Viewpoint by Sergio Duarte

The writer is President of Pugwash Conferences on Science and World Affairs. Former United Nations High Representative for Disarmament Affairs.

NEW YORK (IDN) – The entry into force of the Treaty on the Prohibition of Nuclear Weapons (TPNW) on January 22 prompted many comments from different quarters on the importance and significance of this new addition to positive international law. In accordance with its Article 15.1 the Treaty entered into force 90 days after the deposit of the 50th instrument of ratification. So far, 86 states signed and 52 have already ratified it  [2021-01-28 | 28] ARABIC | HINDI | JAPANESE

UN Secretary-General António Guterres hailed the Treaty as “an important step towards a world free of nuclear weapons” and called on all countries “to work together to realize this vision, for our common security and collective safety”. Media in many parts of the world highlighted the fact that the TPNW is the first-ever instrument to ban all nuclear weapons and noted the strong opposition of the nuclear armed nations to it.

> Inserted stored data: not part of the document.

Definition induced (S : {set V}) : rel V := fun a b => [&& t a b, a \in S & b \in S].
Definition nbhd (S : {set V}) w := [set y in S | t w y].
Definition degS (S : {set V}) w := #|nbhd S w|.
Definition connected_on (S : {set V}) :=
  forall a b, a \in S -> b \in S -> connect (induced S) a b.

Lemma leaf_neighbour S v u : nbhd S v = [set u] -> [/\ u \in S, t v u & u != v].
Proof.
move=> nb; have : u \in nbhd S v by rewrite nb set11.
rewrite inE => /andP[uS tvu]; split=> //.
by apply: contraTneq tvu => ->; rewrite tree_irrefl.
Qed.

Lemma induced_path_in S w p : path (induced S) w p -> all (mem S) p.
Proof. by elim: p w => //= b p IH w /andP[/and3P[_ _ ->] /IH]. Qed.

(* A maximal simple path cannot be extended at its start [w], and every other
   neighbour of [w] on it would close a cycle: [w] is a leaf. *)
Lemma leaf_from_path S w p : path (induced S) w p -> uniq (w :: p) -> w \in S ->
  p != [::] -> exists v u, v \in S /\ nbhd S v = [set u].
Proof.
have [n] := ubnP (#|S| - size p); elim: n w p => // n IH w p lt_n pth un wS pn.
have /subsetP/subset_leq_card : {subset w :: p <= S}.
  by move=> y; rewrite inE => /orP[/eqP -> //|]; apply/allP/(induced_path_in pth).
rewrite (card_uniqP un) /= => lt_p.
have [/existsP [y /andP[yN yn]]|] :=
  boolP [exists y, (y \in nbhd S w) && (y \notin w :: p)].
  move: yN; rewrite inE => /andP[yS tyw].
  apply: (IH y (w :: p)) => //=; first by lia.
  - by rewrite /induced t_sym tyw yS wS pth.
  - by rewrite yn; exact: un.
move/existsPn => nb_on_path; case: p pth un lt_p lt_n pn nb_on_path => // c q.
move=> pth un _ _ _ nb_on_path; exists w, c; split=> //.
apply/setP => y; rewrite !inE; apply/andP/eqP => [[yS twy]|->]; last first.
  by move: pth => /= /andP[/and3P[-> _ ->]].
move: (nb_on_path y); rewrite inE yS twy /= negbK !inE.
case/or3P => [/eqP yw|/eqP //|yq]; first by move: twy; rewrite yw tree_irrefl.
by move: twy; rewrite (negbTE (no_back_edge (sub_path _ pth) un yq)) // => a b /andP[].
Qed.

Civil society organizations and public opinion in many countries, including those that possess atomic arsenals, and their allies celebrated the entry into force as a historic step to rid the world of the last standing category of weapons of mass destruction.

In an article for the Bulletin of Atomic Scientists dated January 22, former United States Secretary of Defence William Perry wrote: “The ban treaty rightly establishes abolition as the standard that all nations should be actively working to achieve, rather than an indeterminate future goal” and closed his powerful piece by saying that “America prides itself on being a nation of trailblazers; let us be the first nuclear-armed nation to blaze this new trail toward the top of the nuclear-free mountain.”[1]

The same rationale that successfully supported and promoted the negotiation and adoption of the treaties that ban the other two categories of weapons of mass destruction – bacteriological (biological) and chemical[2] – certainly supports the prohibition of nuclear arms.  There is a substantial difference between the partial prohibitions contained in Article II the Treaty on the Non-proliferation of Nuclear Weapons and the all-encompassing ban set forth by the TPNW, which applies to every Party, regardless of whether or not they possess nuclear weapons.

Besides its distinct humanitarian approach, including the obligation of assistance to victims of nuclear tests – it reinforces the commitments already undertaken by non-nuclear states in previous instruments, such as the NPT, and sets forth the principle that nuclear weapons are not acceptable under the basic tenets that underpin civilized relations among nations. The Treaty constitutes a powerful normative and moral force against the development, manufacturing and stockpiling of nuclear weapons.     

The TPNW is not directed against any state in particular nor does it advocate unilateral disarmament. States possessing nuclear weapons that join the Treaty will have to take action in accordance with Articles 1 and 4, which do not preclude concerted arrangements among possessor states to ensure mutual security during the disarmament process.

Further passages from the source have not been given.